- [YOUR GOAL]: Please keep to the lines below from the one with "Lemma bryuno_delta_maxP (n" through the one with "Lemma congr_mod_trans k", and restate them word for word, ends included.
═══ MATERIAL TO PROCESS
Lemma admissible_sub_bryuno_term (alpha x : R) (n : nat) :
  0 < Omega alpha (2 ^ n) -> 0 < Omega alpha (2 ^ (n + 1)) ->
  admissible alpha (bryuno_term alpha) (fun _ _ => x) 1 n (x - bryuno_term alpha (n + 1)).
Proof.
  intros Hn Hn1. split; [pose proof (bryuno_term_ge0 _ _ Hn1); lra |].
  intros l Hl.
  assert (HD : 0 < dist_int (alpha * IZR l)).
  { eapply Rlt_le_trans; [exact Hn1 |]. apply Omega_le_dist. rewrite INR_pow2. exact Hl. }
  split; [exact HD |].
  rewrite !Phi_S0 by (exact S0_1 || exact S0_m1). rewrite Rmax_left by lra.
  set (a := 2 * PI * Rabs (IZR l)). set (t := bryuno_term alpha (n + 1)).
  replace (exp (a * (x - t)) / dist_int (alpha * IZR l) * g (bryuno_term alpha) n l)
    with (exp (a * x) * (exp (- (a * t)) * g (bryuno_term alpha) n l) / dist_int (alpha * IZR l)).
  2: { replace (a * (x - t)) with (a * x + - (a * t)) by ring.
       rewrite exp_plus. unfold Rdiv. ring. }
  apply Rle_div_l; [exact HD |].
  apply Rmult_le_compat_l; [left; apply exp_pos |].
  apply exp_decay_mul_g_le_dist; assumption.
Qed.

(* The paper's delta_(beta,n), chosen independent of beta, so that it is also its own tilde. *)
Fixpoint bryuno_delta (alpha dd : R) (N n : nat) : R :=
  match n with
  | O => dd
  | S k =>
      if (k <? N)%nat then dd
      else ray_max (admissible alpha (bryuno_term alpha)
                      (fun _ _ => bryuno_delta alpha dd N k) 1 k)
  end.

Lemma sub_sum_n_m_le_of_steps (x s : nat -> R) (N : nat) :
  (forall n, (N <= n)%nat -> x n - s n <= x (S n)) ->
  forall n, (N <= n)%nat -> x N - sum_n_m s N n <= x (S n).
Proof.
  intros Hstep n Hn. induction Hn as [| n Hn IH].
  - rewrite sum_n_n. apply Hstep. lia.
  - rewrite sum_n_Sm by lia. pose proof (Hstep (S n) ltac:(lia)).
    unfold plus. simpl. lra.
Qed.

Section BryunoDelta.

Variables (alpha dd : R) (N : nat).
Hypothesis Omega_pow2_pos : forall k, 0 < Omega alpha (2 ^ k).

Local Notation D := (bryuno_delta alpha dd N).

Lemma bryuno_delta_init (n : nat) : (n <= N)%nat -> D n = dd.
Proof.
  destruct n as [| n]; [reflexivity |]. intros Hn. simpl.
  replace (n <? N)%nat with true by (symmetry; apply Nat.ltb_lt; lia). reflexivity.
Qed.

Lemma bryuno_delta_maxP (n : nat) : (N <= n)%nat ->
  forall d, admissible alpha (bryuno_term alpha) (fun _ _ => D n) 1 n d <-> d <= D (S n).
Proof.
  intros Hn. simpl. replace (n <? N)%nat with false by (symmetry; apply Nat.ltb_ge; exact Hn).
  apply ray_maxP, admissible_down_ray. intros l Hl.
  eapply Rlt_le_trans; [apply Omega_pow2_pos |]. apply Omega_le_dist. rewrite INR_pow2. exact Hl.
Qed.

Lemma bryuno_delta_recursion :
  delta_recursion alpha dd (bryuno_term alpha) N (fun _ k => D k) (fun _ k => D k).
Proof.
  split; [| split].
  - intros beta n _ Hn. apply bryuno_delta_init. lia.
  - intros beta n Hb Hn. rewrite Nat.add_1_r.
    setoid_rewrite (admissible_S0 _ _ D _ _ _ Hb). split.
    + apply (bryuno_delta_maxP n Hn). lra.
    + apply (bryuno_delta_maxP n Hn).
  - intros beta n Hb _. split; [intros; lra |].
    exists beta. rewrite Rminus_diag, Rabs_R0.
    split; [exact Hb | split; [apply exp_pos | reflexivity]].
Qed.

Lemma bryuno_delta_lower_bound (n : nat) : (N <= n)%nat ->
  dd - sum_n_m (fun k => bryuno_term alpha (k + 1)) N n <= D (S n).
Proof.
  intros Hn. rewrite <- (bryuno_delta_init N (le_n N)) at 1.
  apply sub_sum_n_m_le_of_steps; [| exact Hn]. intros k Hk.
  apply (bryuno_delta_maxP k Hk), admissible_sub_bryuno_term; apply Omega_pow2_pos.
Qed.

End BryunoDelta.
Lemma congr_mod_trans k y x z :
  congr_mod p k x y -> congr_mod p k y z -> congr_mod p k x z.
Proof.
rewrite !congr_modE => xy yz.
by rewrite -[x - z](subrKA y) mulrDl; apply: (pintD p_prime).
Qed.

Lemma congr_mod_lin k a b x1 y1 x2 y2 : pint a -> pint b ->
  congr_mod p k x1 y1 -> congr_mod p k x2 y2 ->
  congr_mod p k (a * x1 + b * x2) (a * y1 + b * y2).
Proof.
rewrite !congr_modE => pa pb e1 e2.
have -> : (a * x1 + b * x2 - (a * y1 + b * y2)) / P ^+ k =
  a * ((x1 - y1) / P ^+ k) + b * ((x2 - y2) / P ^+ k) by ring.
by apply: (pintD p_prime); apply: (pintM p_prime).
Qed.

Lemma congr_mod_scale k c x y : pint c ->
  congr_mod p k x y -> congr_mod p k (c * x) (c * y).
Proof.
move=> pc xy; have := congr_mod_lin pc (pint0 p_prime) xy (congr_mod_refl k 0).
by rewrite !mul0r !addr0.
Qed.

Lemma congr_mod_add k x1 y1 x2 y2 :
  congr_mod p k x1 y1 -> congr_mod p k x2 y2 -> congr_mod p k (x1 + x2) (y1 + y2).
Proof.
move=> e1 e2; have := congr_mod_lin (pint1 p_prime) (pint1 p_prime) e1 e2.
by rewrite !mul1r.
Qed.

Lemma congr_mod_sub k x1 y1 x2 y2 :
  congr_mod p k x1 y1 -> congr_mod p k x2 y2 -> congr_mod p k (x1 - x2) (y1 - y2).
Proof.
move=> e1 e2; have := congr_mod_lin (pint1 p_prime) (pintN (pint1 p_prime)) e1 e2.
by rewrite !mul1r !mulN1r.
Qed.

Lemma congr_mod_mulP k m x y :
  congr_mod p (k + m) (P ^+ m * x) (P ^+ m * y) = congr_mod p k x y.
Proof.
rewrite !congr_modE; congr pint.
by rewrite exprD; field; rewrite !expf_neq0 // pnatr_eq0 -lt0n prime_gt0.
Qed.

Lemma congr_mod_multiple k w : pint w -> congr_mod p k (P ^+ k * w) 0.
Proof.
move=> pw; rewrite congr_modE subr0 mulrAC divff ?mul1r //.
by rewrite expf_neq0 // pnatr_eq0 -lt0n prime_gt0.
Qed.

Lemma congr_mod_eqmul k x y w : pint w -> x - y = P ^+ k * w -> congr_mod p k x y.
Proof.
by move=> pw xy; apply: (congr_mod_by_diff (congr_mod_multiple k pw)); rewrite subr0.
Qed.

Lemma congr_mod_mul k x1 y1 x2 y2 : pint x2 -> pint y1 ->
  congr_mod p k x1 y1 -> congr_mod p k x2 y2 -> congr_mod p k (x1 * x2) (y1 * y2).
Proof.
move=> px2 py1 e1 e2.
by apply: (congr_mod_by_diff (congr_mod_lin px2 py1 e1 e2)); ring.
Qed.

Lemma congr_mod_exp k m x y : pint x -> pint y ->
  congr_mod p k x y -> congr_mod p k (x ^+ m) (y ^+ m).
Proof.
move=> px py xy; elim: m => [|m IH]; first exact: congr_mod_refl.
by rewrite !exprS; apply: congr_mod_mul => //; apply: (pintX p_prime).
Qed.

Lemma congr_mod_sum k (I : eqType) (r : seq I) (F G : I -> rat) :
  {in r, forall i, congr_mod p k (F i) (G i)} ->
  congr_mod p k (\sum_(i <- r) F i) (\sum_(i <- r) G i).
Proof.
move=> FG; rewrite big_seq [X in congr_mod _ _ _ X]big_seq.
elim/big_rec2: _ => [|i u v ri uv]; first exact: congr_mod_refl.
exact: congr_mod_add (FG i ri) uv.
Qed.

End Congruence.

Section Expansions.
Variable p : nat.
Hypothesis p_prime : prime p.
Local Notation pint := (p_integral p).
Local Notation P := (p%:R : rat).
══════
- [TASK RESULT]:
Lemma bryuno_delta_maxP (n : nat) : (N <= n)%nat ->
  forall d, admissible alpha (bryuno_term alpha) (fun _ _ => D n) 1 n d <-> d <= D (S n).
Proof.
  intros Hn. simpl. replace (n <? N)%nat with false by (symmetry; apply Nat.ltb_ge; exact Hn).
  apply ray_maxP, admissible_down_ray. intros l Hl.
  eapply Rlt_le_trans; [apply Omega_pow2_pos |]. apply Omega_le_dist. rewrite INR_pow2. exact Hl.
Qed.

Lemma bryuno_delta_recursion :
  delta_recursion alpha dd (bryuno_term alpha) N (fun _ k => D k) (fun _ k => D k).
Proof.
  split; [| split].
  - intros beta n _ Hn. apply bryuno_delta_init. lia.
  - intros beta n Hb Hn. rewrite Nat.add_1_r.
    setoid_rewrite (admissible_S0 _ _ D _ _ _ Hb). split.
    + apply (bryuno_delta_maxP n Hn). lra.
    + apply (bryuno_delta_maxP n Hn).
  - intros beta n Hb _. split; [intros; lra |].
    exists beta. rewrite Rminus_diag, Rabs_R0.
    split; [exact Hb | split; [apply exp_pos | reflexivity]].
Qed.

Lemma bryuno_delta_lower_bound (n : nat) : (N <= n)%nat ->
  dd - sum_n_m (fun k => bryuno_term alpha (k + 1)) N n <= D (S n).
Proof.
  intros Hn. rewrite <- (bryuno_delta_init N (le_n N)) at 1.
  apply sub_sum_n_m_le_of_steps; [| exact Hn]. intros k Hk.
  apply (bryuno_delta_maxP k Hk), admissible_sub_bryuno_term; apply Omega_pow2_pos.
Qed.

End BryunoDelta.
Lemma congr_mod_trans k y x z :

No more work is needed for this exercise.